IF 8.1 1区 生物学 Q1 BIOCHEMISTRY & MOLECULAR BIOLOGY Pub Date : 2024-08-07 DOI: 10.1016/j.cub.2024.07.060
Katrina A Mitchell, Joseph H A Vissers, Jonathan M Pojer, Elliot Brooks, Abdul Jabbar Saiful Hilmi, Anthony T Papenfuss, Jan Schröder, Kieran F Harvey

Epithelial organs maintain their integrity and prevent tumor initiation by actively removing defective cells, such as those that have lost apicobasal polarity. Here, we identify how transcription factors of two key signaling pathways-Jun-N-terminal kinase (JNK) and Hippo-regulate epithelial integrity by controlling transcription of an overlapping set of target genes. Targeted DamID experiments reveal that, in proliferating cells of the Drosophila melanogaster eye, the AP-1 transcription factor Jun and the Hippo pathway transcription regulators Yorkie and Scalloped bind to a common suite of target genes that promote organ growth. In defective neoplastic cells, AP-1 transcription factors repress transcription of growth genes together with the C-terminal binding protein (CtBP) co-repressor. If gene repression by AP-1/CtBP fails, neoplastic tumor growth ensues, driven by Yorkie/Scalloped. Thus, AP-1/CtBP eliminates defective cells and prevents tumor initiation by acting in parallel to Yorkie/Scalloped to repress expression of a shared transcriptome. These findings shed new light on the maintenance of epithelial integrity and tumor suppression.

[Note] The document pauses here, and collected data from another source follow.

Lemma formZl a x z : f (a *: x) z = a * f x z.
Proof. by rewrite -[a *: x]addr0 linl form0l addr0. Qed.

Lemma formZr a x z : f z (a *: x) = a^* * f z x.
Proof. by rewrite -[a *: x]addr0 linr form0r addr0. Qed.

Lemma formBl x y z : f (x - y) z = f x z - f y z.
Proof. by rewrite formDl -scaleN1r formZl mulN1r. Qed.

Lemma formBr x y z : f z (x - y) = f z x - f z y.
Proof. by rewrite formDr -scaleN1r formZr rmorphN1 mulN1r. Qed.

Lemma form_hermitian : (forall x, 0 <= f x x) -> forall x y, f y x = (f x y)^*.
Proof.
move=> pos x y.
have := pos (x + y); have := pos (x + 'i *: y).
rewrite !formDl !formDr !formZl !formZr.
rewrite -(RRe_real (ger0_real (pos x))) -(RRe_real (ger0_real (pos y))).
case: (f x y) => a1 a2; case: (f y x) => b1 b2.
move: (complex.Re (f x x)) (complex.Re (f y y)) => p q.
rewrite !lecE /= => /andP[/eqP e1 _] /andP[/eqP e2 _].
apply/eqP; rewrite eq_complex /=; apply/andP; split; apply/eqP; lra.
Qed.

End Sesquilinear.

Lemma hermitian_form_linr (R : rcfType) (W : lmodType R[i]) (f : W -> W -> R[i]) :
  (forall a x y z, f (a *: x + y) z = a * f x z + f y z) ->
  (forall x y, f y x = (f x y)^*) ->
  forall a x y z, f z (a *: x + y) = a^* * f z x + f z y.
Proof. by move=> linl herm a x y z; rewrite !(herm _ z) linl rmorphD rmorphM. Qed.

Section SemiInnerProduct.
Variables (R : rcfType) (W : lmodType R[i]) (f : W -> W -> R[i]).
Hypothesis linl : forall a x y z, f (a *: x + y) z = a * f x z + f y z.
Hypothesis linr : forall a x y z, f z (a *: x + y) = a^* * f z x + f z y.
Hypothesis pos : forall x, 0 <= f x x.

Definition sqnorm x : R := complex.Re (f x x).

Lemma formE x : f x x = (sqnorm x)%:C.
Proof. by rewrite RRe_real // ger0_real. Qed.

Lemma sqnorm_ge0 x : 0 <= sqnorm x.
Proof. by rewrite -ler0c -formE. Qed.

Lemma cnorm_formE x : cnorm (f x x) = sqnorm x.
Proof. by rewrite formE cnorm_real ?sqnorm_ge0. Qed.

Lemma form_expand x y t : f (x + t *: y) (x + t *: y) =
  f x x + t * (f x y)^* + t^* * f x y + t * t^* * f y y.
Proof.
rewrite (formDl linl) !(formDr linr) !(formZl linl) !(formZr linr).
by rewrite (form_hermitian linl linr pos x y); ring.
Qed.

Lemma form_CauchySchwarz x y : cnorm (f x y) ^+ 2 <= sqnorm x * sqnorm y.
Proof.
apply: (le_mul_of_quadratic_ge0 (sqnorm_ge0 y) (sqr_ge0 _)) => r.
suff : 0 <= (sqnorm x - 2 * r * cnorm (f x y) ^+ 2 +
             r ^+ 2 * cnorm (f x y) ^+ 2 * sqnorm y)%:C by rewrite ler0c.
have -> : (sqnorm x - 2 * r * cnorm (f x y) ^+ 2 +
           r ^+ 2 * cnorm (f x y) ^+ 2 * sqnorm y)%:C =
    f (x + (- r%:C * f x y) *: y) (x + (- r%:C * f x y) *: y).
  transitivity ((sqnorm x)%:C - 2 * r%:C * (cnorm (f x y) ^+ 2)%:C +
                r%:C ^+ 2 * (cnorm (f x y) ^+ 2)%:C * (sqnorm y)%:C); first by ring.
  rewrite -mulcJ form_expand !formE rmorphM rmorphN /= conjC_realC; ring.
exact: pos.
Qed.

Lemma form_Buzano x e y : sqnorm e = 1 ->
  2 * (cnorm (f x e) * cnorm (f e y)) <= (sqnorm x + sqnorm y) / 2 + cnorm (f x y).
Proof.
move=> e1; set z := (2 * f x e) *: e - x.
have sqnorm_z : sqnorm z = sqnorm x.
  apply: complexI; rewrite -!formE /z (formBl linl) !(formBr linr) !(formZl linl).
  rewrite !(formZr linr) formE e1 rmorph1 (form_hermitian linl linr pos x e).
  by rewrite rmorphM /= conjC_nat; ring.
have tri : 2 * (cnorm (f x e) * cnorm (f e y)) <= cnorm (f z y) + cnorm (f x y).
  apply: le_trans (le_normcD _ _).
  rewrite /z (formBl linl) (formZl linl) subrK -mulrA [2 * (f x e * _)]mulr_natl.
  by rewrite normcMn ComplexField.Normc.normcM mulr_natl.
have zy_le : cnorm (f z y) <= (sqnorm x + sqnorm y) / 2.
  have := form_CauchySchwarz z y; rewrite sqnorm_z => cs.
  rewrite -ler_sqr ?nnegrE ?cnorm_ge0 ?divr_ge0 ?addr_ge0 ?sqnorm_ge0 //.
  apply: le_trans cs _; rewrite -subr_ge0.
  have -> : ((sqnorm x + sqnorm y) / 2) ^+ 2 - sqnorm x * sqnorm y =
            ((sqnorm x - sqnorm y) / 2) ^+ 2 by field.
  exact: sqr_ge0.
lra.
Qed.

Definition sqnorm_bounded (S : W -> W) :=
  exists c : R, 0 <= c /\ forall u, sqnorm (S u) <= c * sqnorm u.

Definition numrange_bounded (S : W -> W) :=
  exists c : R, forall u, cnorm (f (S u) u) <= c * sqnorm u.

Lemma sqnorm_bounded_comp S T :
  sqnorm_bounded S -> sqnorm_bounded T -> sqnorm_bounded (fun u => S (T u)).
Proof.
move=> [cS [cS_ge0 boundS]] [cT [cT_ge0 boundT]].
exists (cS * cT); split=> [|u]; first exact: mulr_ge0.
by apply: le_trans (boundS _) _; rewrite -mulrA ler_wpM2l.
Qed.

Lemma numrange_bounded_of_sqnorm S : sqnorm_bounded S -> numrange_bounded S.
Proof.
move=> [c [c_ge0 boundS]]; exists (c + 1) => u.
apply: le_of_sqr_le_mul; rewrite ?cnorm_ge0 ?sqnorm_ge0 //.
apply: le_trans (form_CauchySchwarz _ _) _.
by rewrite expr2 mulrA ler_wpM2r ?sqnorm_ge0.
Qed.

Lemma numrange_boundedD S T :
  numrange_bounded S -> numrange_bounded T -> numrange_bounded (fun u => S u + T u).
Proof.
move=> [cS boundS] [cT boundT]; exists (cS + cT) => u.
by rewrite (formDl linl) mulrDl; apply: le_trans (le_normcD _ _) (lerD _ _).
Qed.

Lemma numrange_boundedZ a S : numrange_bounded S -> numrange_bounded (fun u => a *: S u).
Proof.
move=> [c boundS]; exists (cnorm a * c) => u.
by rewrite (formZl linl) ComplexField.Normc.normcM -mulrA ler_wpM2l ?cnorm_ge0.
Qed.

End SemiInnerProduct.

Section SymmetricOperator.
Variables (R : realType) (W : lmodType R[i]) (f : W -> W -> R[i]) (P : W -> W).
Hypothesis linl : forall a x y z, f (a *: x + y) z = a * f x z + f y z.
Hypothesis linr : forall a x y z, f z (a *: x + y) = a^* * f z x + f z y.
Hypothesis pos : forall x, 0 <= f x x.
Hypothesis P_sym : forall u v, f (P u) v = f u (P v).

Lemma sqnorm_sym_le_of_growth x (m K : R) : 0 < m ->
  (forall n, sqnorm f (iter n P x) <= K * m ^+ n) -> sqnorm f (P x) <= m * sqnorm f x.
Proof.
move=> m_gt0 growth.
apply: (logconvex_ratio_le (s := fun k => sqnorm f (iter k P x)) _ _ m_gt0 growth).
  by move=> k; exact: (sqnorm_ge0 pos).
move=> k /=; rewrite -(cnorm_formE pos) /= P_sym.
exact: (form_CauchySchwarz linl linr pos).
Qed.

End SymmetricOperator.

Section PositiveOperator.
Variables (R : realType) (V : lmodType R[i]) (ip : V -> V -> R[i]) (A : V -> V).
Hypothesis lin_ip : forall a x y z, ip (a *: x + y) z = a * ip x z + ip y z.
Hypothesis herm_ip : forall x y, ip y x = (ip x y)^*.
Hypothesis pos_ip : forall x, 0 <= ip x x.
Hypothesis posA : positive_op ip A.

Local Notation fA := (ipA ip A).
Local Notation sqnA := (sqnorm (ipA ip A)).

Let linr_ip := hermitian_form_linr lin_ip herm_ip.

Let linl_A a x y z : fA (a *: x + y) z = a * fA x z + fA y z.
Proof. by rewrite /ipA posA.1.1 lin_ip. Qed.

Let linr_A a x y z : fA z (a *: x + y) = a^* * fA z x + fA z y.
Proof. exact: linr_ip. Qed.

Let pos_A x : 0 <= fA x x.
Proof. exact: posA.2. Qed.

Let herm_A := form_hermitian linl_A linr_A pos_A.

Lemma bounded_opZ S a x : bounded_op ip S -> S (a *: x) = a *: S x.
Proof.
move=> [linS _]; have := linS 1 0 0; rewrite !scale1r addr0 => S0.
have {}S0 : S 0 = 0 by apply: (addrI (S 0)); rewrite addr0 -S0.
by rewrite -[a *: x]addr0 linS S0 addr0.
Qed.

上皮器官通过积极清除有缺陷的细胞(如失去顶基极性的细胞)来保持其完整性并防止肿瘤的发生。在这里,我们确定了两个关键信号通路--Jun-N-末端激酶(JNK)和Hippo--的转录因子如何通过控制一组重叠的靶基因的转录来调节上皮的完整性。靶向 DamID 实验显示,在黑腹果蝇眼睛的增殖细胞中,AP-1 转录因子 Jun 和 Hippo 通路转录调节因子 Yorkie 和 Scalloped 与促进器官生长的一系列共同靶基因结合。在有缺陷的肿瘤细胞中,AP-1 转录因子与 C 端结合蛋白(CtBP)共抑制因子一起抑制生长基因的转录。如果 AP-1/CtBP 对基因的抑制失效,肿瘤就会在约基/扇贝蛋白的驱动下生长。因此,AP-1/CtBP 通过与 Yorkie/Scalloped 并行抑制共同转录组的表达,消除了有缺陷的细胞,防止了肿瘤的发生。这些发现为维护上皮完整性和抑制肿瘤提供了新的思路。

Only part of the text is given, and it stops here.